New Zealand watercolour artist

Margaret Brenda Holloway ( North) (1882–1944) was a New Zealand artist who primarily painted watercolours landscapes of the Southland Region, of New Zealand. She was wife to John Ernest Holloway and mother to Jack Holloway.

== Biography ==
Margaret Brenda North was born in 1882. In 1908, she married John Ernest Holloway, the botanist and Anglican priest. They had at least one daughter and a son, Jack Holloway.
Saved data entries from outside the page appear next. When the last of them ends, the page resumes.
(* Let $\Gamma,\Delta$ be finite sets of formulas, $\alpha$ an atomic mapping for $\Gamma\cup\Delta$, and $\mathcal{Q}$ the quasi-simulation base for $\Gamma\cup\Delta$ and $\alpha$. Let $\Theta_{\mathsf{At}}$ be any (possibly empty) finite set of atoms, $\Sigma$ any non-empty finite set of subformulas of formulas in $\Gamma\cup\Delta$, and $\Sigma_{\mathsf{At}}=\{p^B\mid B\in\Sigma\}$. Then for every base $\mathcal{B}\supseteq\mathcal{Q}$: $\Vdash_{\mathcal{B}}\Sigma,\Theta_{\mathsf{At}}$ if and only if $\vdash_{\mathcal{B}}\ \Rightarrow\Sigma_{\mathsf{At}},\Theta_{\mathsf{At}}$.
   Context: Fix a countably infinite set $\mathsf{At}$ of atoms. Formulas are built from atoms and the constant $\bot$ using the binary connectives $\land,\lor,\to$. All contexts are finite sets (not multisets) of formulas; a comma denotes union; a subscript $\mathsf{At}$ indicates a finite set of atoms. An atomic sequent has the form $\Gamma_{\mathsf{At}} \Rightarrow \Delta_{\mathsf{At}}$. An atomic rule has finitely many (possibly zero) atomic sequents as premises and one atomic sequent as conclusion; a rule with zero premises is an atomic axiom. A base is a (possibly empty) set of atomic rules; $\mathcal{C}\supseteq\mathcal{B}$ ($\mathcal{C}$ extends $\mathcal{B}$) if $\mathcal{C}$ contains every rule of $\mathcal{B}$. Derivability $\vdash_{\mathcal{B}}$ of atomic sequents is the least relation such that: (Axiom/Weakening) if an atomic axiom with conclusion $\Gamma_{\mathsf{At}}\Rightarrow\Delta_{\mathsf{At}}$ is in $\mathcal{B}$, then $\vdash_{\mathcal{B}} \Theta_{\mathsf{At}},\Gamma_{\mathsf{At}}\Rightarrow\Delta_{\mathsf{At}},\Sigma_{\mathsf{At}}$ for all sets of atoms $\Theta_{\mathsf{At}},\Sigma_{\mathsf{At}}$; (Mix) if a rule with premises $\Gamma^i_{\mathsf{At}}\Rightarrow\Delta^i_{\mathsf{At}}$ ($1\le i\le n$) and conclusion $\Gamma_{\mathsf{At}}\Rightarrow\Delta_{\mathsf{At}}$ is in $\mathcal{B}$ and $\vdash_{\mathcal{B}} \Theta^i_{\mathsf{At}},\Gamma^i_{\mathsf{At}}\Rightarrow\Delta^i_{\mathsf{At}},\Sigma^i_{\mathsf{At}}$ for each $i$, then $\vdash_{\mathcal{B}} \Theta^1_{\mathsf{At}},\dots,\Theta^n_{\mathsf{At}},\Gamma_{\mathsf{At}}\Rightarrow\Delta_{\mathsf{At}},\Sigma^1_{\mathsf{At}},\dots,\Sigma^n_{\mathsf{At}}$. Support $\Vdash_{\mathcal{B}}$: (At) $\Vdash_{\mathcal{B}}\Gamma_{\mathsf{At}}$ iff $\vdash_{\mathcal{B}}\ \Rightarrow\Gamma_{\mathsf{At}}$; ($\land$) $\Vdash_{\mathcal{B}} A\land B,\Gamma$ iff $\Vdash_{\mathcal{B}}A,\Gamma$ and $\Vdash_{\mathcal{B}}B,\Gamma$; ($\lor$) $\Vdash_{\mathcal{B}}A\lor B,\Gamma$ iff $\Vdash_{\mathcal{B}}A,B,\Gamma$; ($\to$) $\Vdash_{\mathcal{B}}A\to B,\Gamma$ iff $A\Vdash_{\mathcal{B}}B,\Gamma$; ($\bot$) $\Vdash_{\mathcal{B}}\bot,\Gamma$ iff $\Vdash_{\mathcal{B}}\Gamma$; (Inf) for $n\ge1$, $\{A^1,\dots,A^n\}\Vdash_{\mathcal{B}}\Delta$ iff for every $\mathcal{C}\supseteq\mathcal{B}$ and all sets of atoms $\Theta^1_{\mathsf{At}},\dots,\Theta^n_{\mathsf{At}}$, if $\Vdash_{\mathcal{C}}\Theta^i_{\mathsf{At}},A^i$ for all $i$ then $\Vdash_{\mathcal{C}}\Theta^1_{\mathsf{At}},\dots,\Theta^n_{\mathsf{At}},\Delta$ (and $\varnothing\Vdash_{\mathcal{B}}\Delta$ means $\Vdash_{\mathcal{B}}\Delta$). The atomic identity rule $\mathsf{Ainit}$ is the atomic axiom $\Gamma_{\mathsf{At}},p\Rightarrow p,\Delta_{\mathsf{At}}$. $\mathcal{HS}$ is the base consisting of all instances of $\mathsf{Ainit}$. Atomic mapping: for a set of formulas $\Sigma_0$ with set of subformulas $S$, an atomic mapping is an injective function $\alpha:S\to\mathsf{At}$ with $\alpha(p)=p$ for every atom $p\in S$; write $p^A:=\alpha(A)$. The quasi-simulation base $\mathcal{Q}$ for $\Sigma_0$ and $\alpha$ consists exactly of $\mathcal{HS}$ together with the following atomic rules, for all formulas $A,B$ such that the displayed compound formula lies in $S$ (and for $p^\bot$ when $\bot\in S$), and all sets of atoms $\Gamma,\Delta,\Gamma',\Delta'$: $Q\land_1$: from $\Gamma\Rightarrow\Delta,p^{A\land B}$ infer $\Gamma\Rightarrow\Delta,p^A$; $Q\land_2$: from $\Gamma\Rightarrow\Delta,p^{A\land B}$ infer $\Gamma\Rightarrow\Delta,p^B$; $R\land$: from $\Gamma\Rightarrow\Delta,p^A$ and $\Gamma'\Rightarrow\Delta',p^B$ infer $\Gamma,\Gamma'\Rightarrow\Delta,\Delta',p^{A\land B}$; $Q\lor$: from $\Gamma\Rightarrow\Delta,p^{A\lor B}$ infer $\Gamma\Rightarrow\Delta,p^A,p^B$; $R\lor$: from $\Gamma\Rightarrow\Delta,p^A,p^B$ infer $\Gamma\Rightarrow\Delta,p^{A\lor B}$; $Q\to$: from $\Gamma\Rightarrow\Delta,p^{A\to B}$ and $\Gamma'\Rightarrow\Delta',p^A$ infer $\Gamma,\Gamma'\Rightarrow\Delta,\Delta',p^B$; $R\to$: from $p^A,\Gamma\Rightarrow\Delta,p^B$ infer $\Gamma\Rightarrow\Delta,p^{A\to B}$; $Q\bot$: from $\Gamma\Rightarrow\Delta,p^\bot$ infer $\Gamma\Rightarrow\Delta$. *)

From HB Require Import structures.
From mathcomp Require Import all_boot.

Set Implicit Arguments.
Unset Strict Implicit.
Unset Printing Implicit Defensive.

Definition atom := nat.

Inductive form : Type :=
| Atm of atom
| Bot
| And of form & form
| Or of form & form
| Imp of form & form.

Definition form_eq_dec : comparable form.
Proof. move=> x y; rewrite /decidable; decide equality; decide equality. Defined.
HB.instance Definition _ := comparableMixin form_eq_dec.

Fixpoint subf (A : form) : seq form :=
  A :: match A with
       | Atm _ | Bot => [::]
       | And B C | Or B C | Imp B C => subf B ++ subf C
       end.

Definition subformulas (G : seq form) : seq form := flatten (map subf G).

(** Finite sets (of atoms / formulas) are represented by lists, read
    extensionally (only membership matters). *)
Definition sequent := (seq atom * seq atom)%type.

Record rule := Rule { prems : seq sequent; concl : sequent }.

Definition base := rule -> Prop.

Definition extends (C B : base) : Prop := forall r, B r -> C r.

(** Derivability in a base: (Axiom/Weakening), (Mix), and closure under
    extensional equality of the (set-)contexts. *)
Inductive derivable (B : base) : sequent -> Prop :=
| d_ax (G D Th Si : seq atom) :
    B (Rule [::] (G, D)) -> derivable B (Th ++ G, D ++ Si)
| d_mix (r : rule) (Th Si : nat -> seq atom) :
    B r ->
    (forall i, i < size (prems r) ->
       derivable B (Th i ++ (nth ([::], [::]) (prems r) i).1,
                    (nth ([::], [::]) (prems r) i).2 ++ Si i)) ->
    derivable B (flatten [seq Th i | i <- iota 0 (size (prems r))] ++ (concl r).1,
                 (concl r).2 ++ flatten [seq Si i | i <- iota 0 (size (prems r))])
| d_set (G D G' D' : seq atom) :
    derivable B (G, D) -> G =i G' -> D =i D' -> derivable B (G', D').

Definition compound (A : form) : bool := if A is Atm _ then false else true.

Definition atoms_of (G : seq form) : seq atom :=
  pmap (fun A => if A is Atm p then Some p else None) G.

(* size ignoring atoms; decreases along every clause of the support relation *)
Fixpoint csize (A : form) : nat :=
  match A with
  | Atm _ => 0
  | Bot => 1
  | And B C | Or B C | Imp B C => (csize B + csize C).+1
  end.

Definition msr (G : seq form) : nat := sumn (map csize G).

(* Fuel-based rendering of the clauses (At),(/\),(\/),(->),(bot),(Inf):
   the first compound formula of the context is decomposed; the context
   [Gamma] of the clause is the set with the principal formula removed. *)
Fixpoint supp (n : nat) (B : base) (G : seq form) : Prop :=
  match n with
  | 0 => False
  | n'.+1 =>
    match [seq A <- G | compound A] with
    | [::] => derivable B ([::], atoms_of G)
    | A :: _ =>
      let R := [seq X <- G | X != A] in
      match A with
      | Atm _ => True
      | Bot => supp n' B R
      | And A1 A2 => supp n' B (A1 :: R) /\ supp n' B (A2 :: R)
      | Or A1 A2 => supp n' B (A1 :: A2 :: R)
      | Imp A1 A2 =>
          (* A1 ||-_B A2, R  via (Inf) with n = 1 *)
          forall C : base, extends C B ->
          forall Th : seq atom,
            supp n' C (map Atm Th ++ [:: A1]) ->
            supp n' C (map Atm Th ++ A2 :: R)
      end
    end
  end.

Definition supports (B : base) (G : seq form) : Prop := supp (msr G).+1 B G.

Definition atomic_mapping (S : seq form) (alpha : form -> atom) : Prop :=
  {in S &, injective alpha} /\ (forall p, Atm p \in S -> alpha (Atm p) = p).

Definition HS : base := fun r =>
  exists (G D : seq atom) (p : atom), r = Rule [::] (p :: G, p :: D).

Definition QBase (S : seq form) (alpha : form -> atom) : base := fun r =>
  HS r \/
  exists G D G' D' : seq atom,
  (exists A B, And A B \in S /\
     (r = Rule [:: (G, D ++ [:: alpha (And A B)])] (G, D ++ [:: alpha A]) \/
      r = Rule [:: (G, D ++ [:: alpha (And A B)])] (G, D ++ [:: alpha B]) \/
      r = Rule [:: (G, D ++ [:: alpha A]); (G', D' ++ [:: alpha B])]
               (G ++ G', D ++ D' ++ [:: alpha (And A B)]))) \/
  (exists A B, Or A B \in S /\
     (r = Rule [:: (G, D ++ [:: alpha (Or A B)])] (G, D ++ [:: alpha A; alpha B]) \/
      r = Rule [:: (G, D ++ [:: alpha A; alpha B])] (G, D ++ [:: alpha (Or A B)]))) \/
  (exists A B, Imp A B \in S /\
     (r = Rule [:: (G, D ++ [:: alpha (Imp A B)]); (G', D' ++ [:: alpha A])]
               (G ++ G', D ++ D' ++ [:: alpha B]) \/
      r = Rule [:: (alpha A :: G, D ++ [:: alpha B])] (G, D ++ [:: alpha (Imp A B)]))) \/
  (Bot \in S /\ r = Rule [:: (G, D ++ [:: alpha Bot])] (G, D)).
She produced water colours, largely of Southland. She won first and second place for landscape watercolours at the Oxford Show, Christchurch in 1915. She exhibited at the Otago Art Society frequently from 1929 to 1941. The following works were recorded with positive reviews in newspaper reports at the time:

- 1929: "Early Morning, Wakatipu" and "The Road Through the Beech Forest"
- 1930: "Evening, Diamond Lake"
- 1932: "ln a Shropshire Village"
- 1933: "Unsettled Weather, Diamond Lake" and "The Routeburn Flat"
- 1934: "Ben Lomond from Walter Peaks"
- 1936: Four artworks including "Rata, South Otago Coast," "Young Gum Tree" and "Early Morning, Lake Te Anau"
- 1937: "A Roslyn Landmark" and "Above Purakanui"
- 1938: "A Study of Mount Lily Leaves"
- 1941: "Showery Weather, Westland" and "A Bush Road, South Westland"

Several of her art works are held by the Turnbull and Hocken Libraries.

She died on 21 May 1944 in Timaru.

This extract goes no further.